(* Conjugating by x |-> -x if necessary, f lies above the diagonal on ]a, b[.
   Lower bound: if 2 eps <= f c - c, a backward orbit x_0 = c, f x_(j+1) = x_j is
   (n, 2 eps)-separated, because f^j x_i = f^(j-i) c >= f c while f^j x_j = c;
   hence G_n >= n.
   Upper bound: put p = a + eps/2, q = b - eps/2 and pick N with f^N p >= q.  An
   orbit stays in [a, p[ up to its entry time j, during the next N steps it is
   controlled up to eps by the nondecreasing orbit sum S_N (f^j y), and afterwards
   it stays in [q, b].  Coding y by (j, floor (S_N (f^j y) / eps)) gives
   G_n <= 1 + n K, so log G_n / log n tends to 1 for every small eps. *)

From HB Require Import structures.
From mathcomp Require Import all_boot all_order all_algebra.
From mathcomp Require Import all_classical all_reals all_analysis.
From mathcomp Require Import ring lra.
Import Order.TTheory GRing.Theory Num.Theory.
Import numFieldNormedType.Exports.
Local Open Scope classical_set_scope.
Local Open Scope ring_scope.
Set Implicit Arguments. Unset Strict Implicit.

Section BowenMetric.
Variables (R : realType) (f : R -> R) (n : nat).

Lemma dn_ge_iter x y k : (k < n)%N -> `|iter k f x - iter k f y| <= dn f n x y.
Proof. by move=> kn; exact: (le_bigmax 0 (fun k : 'I_n => _) (Ordinal kn)). Qed.

Lemma dn_ge0 x y : 0 <= dn f n x y.
Proof. exact: bigmax_ge_id. Qed.

Lemma dn_lt x y eps : 0 < eps ->
  (forall k, (k < n)%N -> `|iter k f x - iter k f y| < eps) -> dn f n x y < eps.
Proof. by move=> eps0 close; apply: bigmax_lt => // k _; exact: close. Qed.

Lemma dnC x y : dn f n x y = dn f n y x.
Proof. by apply: eq_bigr => k _; rewrite distrC. Qed.

Lemma dn_triangle x y z : dn f n x z <= dn f n x y + dn f n y z.
Proof.
apply: bigmax_le => [|k _]; first by rewrite addr_ge0 ?dn_ge0.
apply: le_trans (ler_distD (iter k f y) _ _) _.
by apply: lerD; exact: dn_ge_iter.
Qed.

End BowenMetric.

Section Covers.
Variables (R : realType) (a b : R) (f : R -> R) (n : nat) (eps : R).

Lemma covers_of_code (T : eqType) (code : R -> T) (cs : seq T) : a <= b ->
  {in `[a, b], forall y, code y \in cs} ->
  {in `[a, b] &, forall y y', code y = code y' -> dn f n y y' < eps} ->
  covers f a b n eps (size cs).
Proof.
move=> ab code_in close.
have aI : a \in `[a, b] by rewrite in_itv /= lexx.
pose rep i := xget a [set y | y \in `[a, b] /\ code y = i].
exists (map rep cs); split; first by rewrite size_map.
split.
  by apply/allP => _ /mapP[i _ ->]; rewrite /rep; case: xgetP => // y _ [].
move=> y yI; apply/hasP; exists (rep (code y)); first by rewrite map_f ?code_in.
have [] : [set y' | y' \in `[a, b] /\ code y' = code y] (rep (code y)).
  exact: (xgetI a (conj yI erefl)).
by move=> rI rcode; apply: close.
Qed.

Lemma separated_le_covers (z : nat -> R) m :
  (forall i, (i < n)%N -> z i \in `[a, b]) ->
  (forall i j, (i < j < n)%N -> 2 * eps <= dn f n (z i) (z j)) ->
  covers f a b n eps m -> (n <= m)%N.
Proof.
move=> zI sep [s [sz [_ scov]]].
pose idx i := find (fun x => dn f n x (z i) < eps) s.
have idx_close i : (i < n)%N -> dn f n (nth 0 s (idx i)) (z i) < eps.
  by move=> iN; exact: (nth_find 0 (scov _ (zI i iN))).
have idx_inj : {in gtn n &, injective idx}.
  suff lt_neq i j : (i < j < n)%N -> idx i <> idx j.
    move=> i j iN jN eq_ij; case: (ltngtP i j) => // ij.
    - by case: (lt_neq i j); rewrite ?ij.
    - by case: (lt_neq j i); rewrite ?ij.
  move=> /andP[ij jN] eq_ij.
  have := dn_triangle f n (z i) (nth 0 s (idx i)) (z j).
  rewrite (dnC f n (z i) (nth 0 s (idx i))); have := idx_close i (ltn_trans ij jN).
  have := idx_close j jN; rewrite -eq_ij.
  have := sep i j; rewrite ij jN => /(_ isT); lra.
have : (size (map idx (iota 0 n)) <= size (iota 0 m))%N.
  apply: uniq_leq_size; first by rewrite map_inj_in_uniq ?iota_uniq // => i j;
    rewrite !mem_iota !add0n; apply: idx_inj.
  move=> k /mapP[i]; rewrite mem_iota add0n => iN ->.
  by rewrite mem_iota add0n -sz -has_find scov ?zI.
by rewrite size_map !size_iota.
Qed.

------------------------------------------------------------------------

WHAT IS REQUIRED - Each record must be returned in full and exactly.

RESULT OF THIS EXERCISE -
(* Conjugating by x |-> -x if necessary, f lies above the diagonal on ]a, b[.
   Lower bound: if 2 eps <= f c - c, a backward orbit x_0 = c, f x_(j+1) = x_j is
   (n, 2 eps)-separated, because f^j x_i = f^(j-i) c >= f c while f^j x_j = c;
   hence G_n >= n.
   Upper bound: put p = a + eps/2, q = b - eps/2 and pick N with f^N p >= q.  An
   orbit stays in [a, p[ up to its entry time j, during the next N steps it is
   controlled up to eps by the nondecreasing orbit sum S_N (f^j y), and afterwards
   it stays in [q, b].  Coding y by (j, floor (S_N (f^j y) / eps)) gives
   G_n <= 1 + n K, so log G_n / log n tends to 1 for every small eps. *)

From HB Require Import structures.
From mathcomp Require Import all_boot all_order all_algebra.
From mathcomp Require Import all_classical all_reals all_analysis.
From mathcomp Require Import ring lra.
Import Order.TTheory GRing.Theory Num.Theory.
Import numFieldNormedType.Exports.
Local Open Scope classical_set_scope.
Local Open Scope ring_scope.
Set Implicit Arguments. Unset Strict Implicit.

Section BowenMetric.
Variables (R : realType) (f : R -> R) (n : nat).

Lemma dn_ge_iter x y k : (k < n)%N -> `|iter k f x - iter k f y| <= dn f n x y.
Proof. by move=> kn; exact: (le_bigmax 0 (fun k : 'I_n => _) (Ordinal kn)). Qed.

Lemma dn_ge0 x y : 0 <= dn f n x y.
Proof. exact: bigmax_ge_id. Qed.

Lemma dn_lt x y eps : 0 < eps ->
  (forall k, (k < n)%N -> `|iter k f x - iter k f y| < eps) -> dn f n x y < eps.
Proof. by move=> eps0 close; apply: bigmax_lt => // k _; exact: close. Qed.

Lemma dnC x y : dn f n x y = dn f n y x.
Proof. by apply: eq_bigr => k _; rewrite distrC. Qed.

Lemma dn_triangle x y z : dn f n x z <= dn f n x y + dn f n y z.
Proof.
apply: bigmax_le => [|k _]; first by rewrite addr_ge0 ?dn_ge0.
apply: le_trans (ler_distD (iter k f y) _ _) _.
by apply: lerD; exact: dn_ge_iter.
Qed.

End BowenMetric.

Section Covers.
Variables (R : realType) (a b : R) (f : R -> R) (n : nat) (eps : R).

Lemma covers_of_code (T : eqType) (code : R -> T) (cs : seq T) : a <= b ->
  {in `[a, b], forall y, code y \in cs} ->
  {in `[a, b] &, forall y y', code y = code y' -> dn f n y y' < eps} ->
  covers f a b n eps (size cs).
Proof.
move=> ab code_in close.
have aI : a \in `[a, b] by rewrite in_itv /= lexx.
pose rep i := xget a [set y | y \in `[a, b] /\ code y = i].
exists (map rep cs); split; first by rewrite size_map.
split.
  by apply/allP => _ /mapP[i _ ->]; rewrite /rep; case: xgetP => // y _ [].
move=> y yI; apply/hasP; exists (rep (code y)); first by rewrite map_f ?code_in.
have [] : [set y' | y' \in `[a, b] /\ code y' = code y] (rep (code y)).
  exact: (xgetI a (conj yI erefl)).
by move=> rI rcode; apply: close.
Qed.

Lemma separated_le_covers (z : nat -> R) m :
  (forall i, (i < n)%N -> z i \in `[a, b]) ->
  (forall i j, (i < j < n)%N -> 2 * eps <= dn f n (z i) (z j)) ->
  covers f a b n eps m -> (n <= m)%N.
Proof.
move=> zI sep [s [sz [_ scov]]].
pose idx i := find (fun x => dn f n x (z i) < eps) s.
have idx_close i : (i < n)%N -> dn f n (nth 0 s (idx i)) (z i) < eps.
  by move=> iN; exact: (nth_find 0 (scov _ (zI i iN))).
have idx_inj : {in gtn n &, injective idx}.
  suff lt_neq i j : (i < j < n)%N -> idx i <> idx j.
    move=> i j iN jN eq_ij; case: (ltngtP i j) => // ij.
    - by case: (lt_neq i j); rewrite ?ij.
    - by case: (lt_neq j i); rewrite ?ij.
  move=> /andP[ij jN] eq_ij.
  have := dn_triangle f n (z i) (nth 0 s (idx i)) (z j).
  rewrite (dnC f n (z i) (nth 0 s (idx i))); have := idx_close i (ltn_trans ij jN).
  have := idx_close j jN; rewrite -eq_ij.
  have := sep i j; rewrite ij jN => /(_ isT); lra.
have : (size (map idx (iota 0 n)) <= size (iota 0 m))%N.
  apply: uniq_leq_size; first by rewrite map_inj_in_uniq ?iota_uniq // => i j;
    rewrite !mem_iota !add0n; apply: idx_inj.
  move=> k /mapP[i]; rewrite mem_iota add0n => iN ->.
  by rewrite mem_iota add0n -sz -has_find scov ?zI.
by rewrite size_map !size_iota.
Qed.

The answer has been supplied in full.